**TASK PROMPT**. Your answer is every line of the material below in which the string "where" occurs.
== TASK DATA ==
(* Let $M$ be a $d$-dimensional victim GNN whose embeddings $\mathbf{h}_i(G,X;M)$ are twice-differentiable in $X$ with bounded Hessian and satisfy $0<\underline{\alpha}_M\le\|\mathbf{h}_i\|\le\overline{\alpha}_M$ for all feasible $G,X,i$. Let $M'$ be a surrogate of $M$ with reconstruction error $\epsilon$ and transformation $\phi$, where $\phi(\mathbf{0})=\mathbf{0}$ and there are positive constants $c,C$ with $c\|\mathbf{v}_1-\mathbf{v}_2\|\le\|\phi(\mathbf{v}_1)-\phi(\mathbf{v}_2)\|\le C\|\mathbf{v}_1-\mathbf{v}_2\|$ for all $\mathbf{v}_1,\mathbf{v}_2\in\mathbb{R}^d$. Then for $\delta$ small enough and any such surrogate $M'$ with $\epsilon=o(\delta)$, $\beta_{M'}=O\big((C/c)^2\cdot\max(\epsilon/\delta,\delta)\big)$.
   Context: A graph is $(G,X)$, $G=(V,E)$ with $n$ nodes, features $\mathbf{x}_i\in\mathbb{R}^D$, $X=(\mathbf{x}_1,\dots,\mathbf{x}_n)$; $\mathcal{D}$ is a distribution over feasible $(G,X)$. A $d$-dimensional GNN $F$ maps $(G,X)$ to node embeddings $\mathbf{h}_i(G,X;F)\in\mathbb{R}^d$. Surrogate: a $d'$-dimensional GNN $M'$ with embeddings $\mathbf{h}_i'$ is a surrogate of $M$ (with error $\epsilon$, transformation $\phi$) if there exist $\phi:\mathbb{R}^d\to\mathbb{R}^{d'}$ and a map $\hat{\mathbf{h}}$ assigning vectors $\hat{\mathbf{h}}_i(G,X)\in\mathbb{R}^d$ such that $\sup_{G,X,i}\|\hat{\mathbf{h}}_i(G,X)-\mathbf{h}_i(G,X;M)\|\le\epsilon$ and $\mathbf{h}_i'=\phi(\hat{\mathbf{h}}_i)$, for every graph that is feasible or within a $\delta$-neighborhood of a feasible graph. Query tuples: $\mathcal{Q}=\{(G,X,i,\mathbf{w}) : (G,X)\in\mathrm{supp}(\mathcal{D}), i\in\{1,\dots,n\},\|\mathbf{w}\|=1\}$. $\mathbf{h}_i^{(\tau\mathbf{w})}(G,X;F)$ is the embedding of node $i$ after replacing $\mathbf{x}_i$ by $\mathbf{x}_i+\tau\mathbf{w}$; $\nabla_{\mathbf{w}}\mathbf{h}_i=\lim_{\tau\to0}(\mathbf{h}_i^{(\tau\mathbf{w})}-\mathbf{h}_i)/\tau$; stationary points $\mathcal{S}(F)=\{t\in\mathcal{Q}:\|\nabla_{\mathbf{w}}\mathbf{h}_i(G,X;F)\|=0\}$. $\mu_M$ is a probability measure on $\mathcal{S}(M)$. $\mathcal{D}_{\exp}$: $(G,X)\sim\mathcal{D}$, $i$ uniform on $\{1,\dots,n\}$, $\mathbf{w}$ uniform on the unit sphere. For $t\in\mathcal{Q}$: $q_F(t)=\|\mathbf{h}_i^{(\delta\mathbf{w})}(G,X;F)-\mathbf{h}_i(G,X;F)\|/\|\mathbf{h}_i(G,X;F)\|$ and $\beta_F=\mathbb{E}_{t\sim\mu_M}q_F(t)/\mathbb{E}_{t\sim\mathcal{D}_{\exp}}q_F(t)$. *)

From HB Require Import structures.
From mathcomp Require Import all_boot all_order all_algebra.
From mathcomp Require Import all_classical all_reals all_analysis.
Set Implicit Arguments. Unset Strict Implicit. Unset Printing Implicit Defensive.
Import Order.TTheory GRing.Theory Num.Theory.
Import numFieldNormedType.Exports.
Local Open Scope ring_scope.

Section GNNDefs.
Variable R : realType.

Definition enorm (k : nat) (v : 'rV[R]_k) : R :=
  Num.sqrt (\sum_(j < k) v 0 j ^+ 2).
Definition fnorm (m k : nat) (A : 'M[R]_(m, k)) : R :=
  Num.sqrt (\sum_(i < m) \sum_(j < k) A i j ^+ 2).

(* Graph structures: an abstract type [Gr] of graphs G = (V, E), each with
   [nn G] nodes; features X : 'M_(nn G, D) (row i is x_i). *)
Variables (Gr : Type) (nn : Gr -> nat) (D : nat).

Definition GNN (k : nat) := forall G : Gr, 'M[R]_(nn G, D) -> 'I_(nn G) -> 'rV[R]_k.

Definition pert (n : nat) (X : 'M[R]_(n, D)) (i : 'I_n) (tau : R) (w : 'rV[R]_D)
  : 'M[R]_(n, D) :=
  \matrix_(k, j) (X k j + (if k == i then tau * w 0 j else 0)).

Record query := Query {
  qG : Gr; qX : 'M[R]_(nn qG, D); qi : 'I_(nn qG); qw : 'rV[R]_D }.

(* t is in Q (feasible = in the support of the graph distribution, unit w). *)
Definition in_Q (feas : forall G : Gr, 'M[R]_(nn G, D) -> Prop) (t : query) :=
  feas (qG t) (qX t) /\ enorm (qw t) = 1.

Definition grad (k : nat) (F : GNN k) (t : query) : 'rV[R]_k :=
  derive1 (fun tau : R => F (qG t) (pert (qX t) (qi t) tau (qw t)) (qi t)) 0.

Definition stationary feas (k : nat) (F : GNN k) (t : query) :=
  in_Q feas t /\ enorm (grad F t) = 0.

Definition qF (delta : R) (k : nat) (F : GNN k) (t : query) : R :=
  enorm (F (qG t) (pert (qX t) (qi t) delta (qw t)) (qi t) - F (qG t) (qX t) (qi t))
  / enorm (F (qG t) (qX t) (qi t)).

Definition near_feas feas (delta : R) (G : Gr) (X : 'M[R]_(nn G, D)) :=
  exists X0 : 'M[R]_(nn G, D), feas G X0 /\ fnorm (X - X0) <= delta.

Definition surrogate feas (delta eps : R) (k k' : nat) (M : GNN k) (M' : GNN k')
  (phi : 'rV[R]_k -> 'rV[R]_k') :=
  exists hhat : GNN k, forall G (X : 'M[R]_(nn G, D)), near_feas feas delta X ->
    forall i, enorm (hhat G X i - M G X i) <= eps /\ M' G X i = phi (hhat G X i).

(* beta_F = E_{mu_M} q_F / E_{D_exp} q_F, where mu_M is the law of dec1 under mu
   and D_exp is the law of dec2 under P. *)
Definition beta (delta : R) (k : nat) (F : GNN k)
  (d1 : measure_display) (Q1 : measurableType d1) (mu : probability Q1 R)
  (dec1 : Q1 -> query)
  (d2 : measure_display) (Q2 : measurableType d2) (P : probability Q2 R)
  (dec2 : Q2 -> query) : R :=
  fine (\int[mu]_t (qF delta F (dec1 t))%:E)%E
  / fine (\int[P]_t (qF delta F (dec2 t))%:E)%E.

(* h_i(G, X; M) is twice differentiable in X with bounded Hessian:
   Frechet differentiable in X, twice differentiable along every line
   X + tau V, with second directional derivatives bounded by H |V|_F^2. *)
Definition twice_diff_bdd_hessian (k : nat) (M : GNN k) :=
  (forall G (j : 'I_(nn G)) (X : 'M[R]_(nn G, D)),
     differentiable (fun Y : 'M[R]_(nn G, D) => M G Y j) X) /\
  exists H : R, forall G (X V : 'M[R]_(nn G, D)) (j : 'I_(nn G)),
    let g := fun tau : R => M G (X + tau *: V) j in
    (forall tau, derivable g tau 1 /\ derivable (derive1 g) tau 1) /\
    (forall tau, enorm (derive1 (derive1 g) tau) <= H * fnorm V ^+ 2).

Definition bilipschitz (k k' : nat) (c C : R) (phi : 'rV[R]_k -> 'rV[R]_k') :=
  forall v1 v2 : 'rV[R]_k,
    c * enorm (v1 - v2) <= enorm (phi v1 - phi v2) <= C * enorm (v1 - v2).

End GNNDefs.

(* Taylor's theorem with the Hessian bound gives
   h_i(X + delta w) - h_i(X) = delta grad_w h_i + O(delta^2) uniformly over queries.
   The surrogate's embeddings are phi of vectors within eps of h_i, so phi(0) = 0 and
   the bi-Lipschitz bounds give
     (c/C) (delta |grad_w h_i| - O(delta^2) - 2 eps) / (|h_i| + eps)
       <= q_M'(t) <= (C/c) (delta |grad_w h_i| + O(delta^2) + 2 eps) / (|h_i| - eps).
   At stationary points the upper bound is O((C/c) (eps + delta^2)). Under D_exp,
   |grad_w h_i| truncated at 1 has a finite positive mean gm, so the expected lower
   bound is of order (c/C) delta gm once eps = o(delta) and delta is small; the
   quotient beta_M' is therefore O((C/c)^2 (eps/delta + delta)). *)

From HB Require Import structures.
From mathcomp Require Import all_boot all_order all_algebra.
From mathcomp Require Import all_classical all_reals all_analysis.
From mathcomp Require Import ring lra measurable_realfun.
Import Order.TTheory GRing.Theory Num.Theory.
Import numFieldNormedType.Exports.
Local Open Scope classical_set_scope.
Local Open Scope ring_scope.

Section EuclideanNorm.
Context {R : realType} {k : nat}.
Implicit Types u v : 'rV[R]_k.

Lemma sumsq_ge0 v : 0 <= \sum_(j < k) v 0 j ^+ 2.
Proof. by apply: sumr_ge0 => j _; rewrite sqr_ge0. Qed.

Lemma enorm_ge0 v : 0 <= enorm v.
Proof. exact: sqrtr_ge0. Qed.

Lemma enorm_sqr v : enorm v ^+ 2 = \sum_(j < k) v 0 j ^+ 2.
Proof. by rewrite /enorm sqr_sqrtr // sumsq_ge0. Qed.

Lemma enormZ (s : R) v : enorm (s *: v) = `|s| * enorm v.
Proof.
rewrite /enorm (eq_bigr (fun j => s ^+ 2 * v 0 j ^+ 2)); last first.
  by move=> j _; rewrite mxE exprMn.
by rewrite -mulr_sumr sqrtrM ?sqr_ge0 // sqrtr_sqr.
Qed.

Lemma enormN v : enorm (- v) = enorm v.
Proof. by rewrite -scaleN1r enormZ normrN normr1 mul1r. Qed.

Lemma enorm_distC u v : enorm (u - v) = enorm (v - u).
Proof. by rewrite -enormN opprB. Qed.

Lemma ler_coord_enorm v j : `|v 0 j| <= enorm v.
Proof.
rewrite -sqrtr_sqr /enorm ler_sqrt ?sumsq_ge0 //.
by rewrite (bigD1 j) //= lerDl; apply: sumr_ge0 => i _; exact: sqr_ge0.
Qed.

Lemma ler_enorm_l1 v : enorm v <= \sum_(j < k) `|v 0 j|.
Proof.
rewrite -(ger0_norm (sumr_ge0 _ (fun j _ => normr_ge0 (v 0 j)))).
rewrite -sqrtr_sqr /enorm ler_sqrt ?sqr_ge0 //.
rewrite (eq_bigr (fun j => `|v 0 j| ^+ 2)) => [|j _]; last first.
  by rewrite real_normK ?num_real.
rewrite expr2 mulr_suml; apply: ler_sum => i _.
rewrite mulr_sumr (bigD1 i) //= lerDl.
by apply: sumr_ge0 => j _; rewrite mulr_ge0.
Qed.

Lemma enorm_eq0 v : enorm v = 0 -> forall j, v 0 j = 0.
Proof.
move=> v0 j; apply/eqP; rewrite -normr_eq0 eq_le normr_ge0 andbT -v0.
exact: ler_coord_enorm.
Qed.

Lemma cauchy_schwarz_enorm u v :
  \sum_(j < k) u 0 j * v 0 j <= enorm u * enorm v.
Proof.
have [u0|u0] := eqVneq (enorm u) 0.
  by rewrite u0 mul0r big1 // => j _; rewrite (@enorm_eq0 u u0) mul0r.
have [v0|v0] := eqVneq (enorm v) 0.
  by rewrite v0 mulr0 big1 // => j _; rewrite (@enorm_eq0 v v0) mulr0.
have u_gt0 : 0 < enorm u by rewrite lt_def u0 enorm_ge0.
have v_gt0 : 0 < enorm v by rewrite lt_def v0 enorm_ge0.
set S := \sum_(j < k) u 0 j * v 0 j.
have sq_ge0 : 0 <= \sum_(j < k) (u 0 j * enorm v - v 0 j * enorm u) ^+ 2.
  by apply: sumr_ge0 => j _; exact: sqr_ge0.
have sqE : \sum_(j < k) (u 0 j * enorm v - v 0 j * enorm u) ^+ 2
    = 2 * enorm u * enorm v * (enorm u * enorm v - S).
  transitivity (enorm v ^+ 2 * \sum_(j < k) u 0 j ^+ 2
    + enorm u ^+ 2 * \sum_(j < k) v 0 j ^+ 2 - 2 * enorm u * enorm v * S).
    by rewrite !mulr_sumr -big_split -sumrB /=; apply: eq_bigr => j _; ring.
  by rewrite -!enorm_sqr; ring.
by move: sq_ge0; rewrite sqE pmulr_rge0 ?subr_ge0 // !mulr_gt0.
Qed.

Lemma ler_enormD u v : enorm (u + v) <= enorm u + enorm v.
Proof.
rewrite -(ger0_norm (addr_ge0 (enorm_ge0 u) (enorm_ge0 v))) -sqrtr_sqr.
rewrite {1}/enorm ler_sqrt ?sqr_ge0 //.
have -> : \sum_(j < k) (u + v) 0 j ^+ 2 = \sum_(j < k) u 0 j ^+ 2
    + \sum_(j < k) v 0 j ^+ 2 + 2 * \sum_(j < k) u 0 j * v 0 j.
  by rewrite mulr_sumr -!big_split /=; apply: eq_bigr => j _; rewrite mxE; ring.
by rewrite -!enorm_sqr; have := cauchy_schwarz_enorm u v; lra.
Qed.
===
**ANSWER TO THE EXERCISE**.
(* Let $M$ be a $d$-dimensional victim GNN whose embeddings $\mathbf{h}_i(G,X;M)$ are twice-differentiable in $X$ with bounded Hessian and satisfy $0<\underline{\alpha}_M\le\|\mathbf{h}_i\|\le\overline{\alpha}_M$ for all feasible $G,X,i$. Let $M'$ be a surrogate of $M$ with reconstruction error $\epsilon$ and transformation $\phi$, where $\phi(\mathbf{0})=\mathbf{0}$ and there are positive constants $c,C$ with $c\|\mathbf{v}_1-\mathbf{v}_2\|\le\|\phi(\mathbf{v}_1)-\phi(\mathbf{v}_2)\|\le C\|\mathbf{v}_1-\mathbf{v}_2\|$ for all $\mathbf{v}_1,\mathbf{v}_2\in\mathbb{R}^d$. Then for $\delta$ small enough and any such surrogate $M'$ with $\epsilon=o(\delta)$, $\beta_{M'}=O\big((C/c)^2\cdot\max(\epsilon/\delta,\delta)\big)$.
(* beta_F = E_{mu_M} q_F / E_{D_exp} q_F, where mu_M is the law of dec1 under mu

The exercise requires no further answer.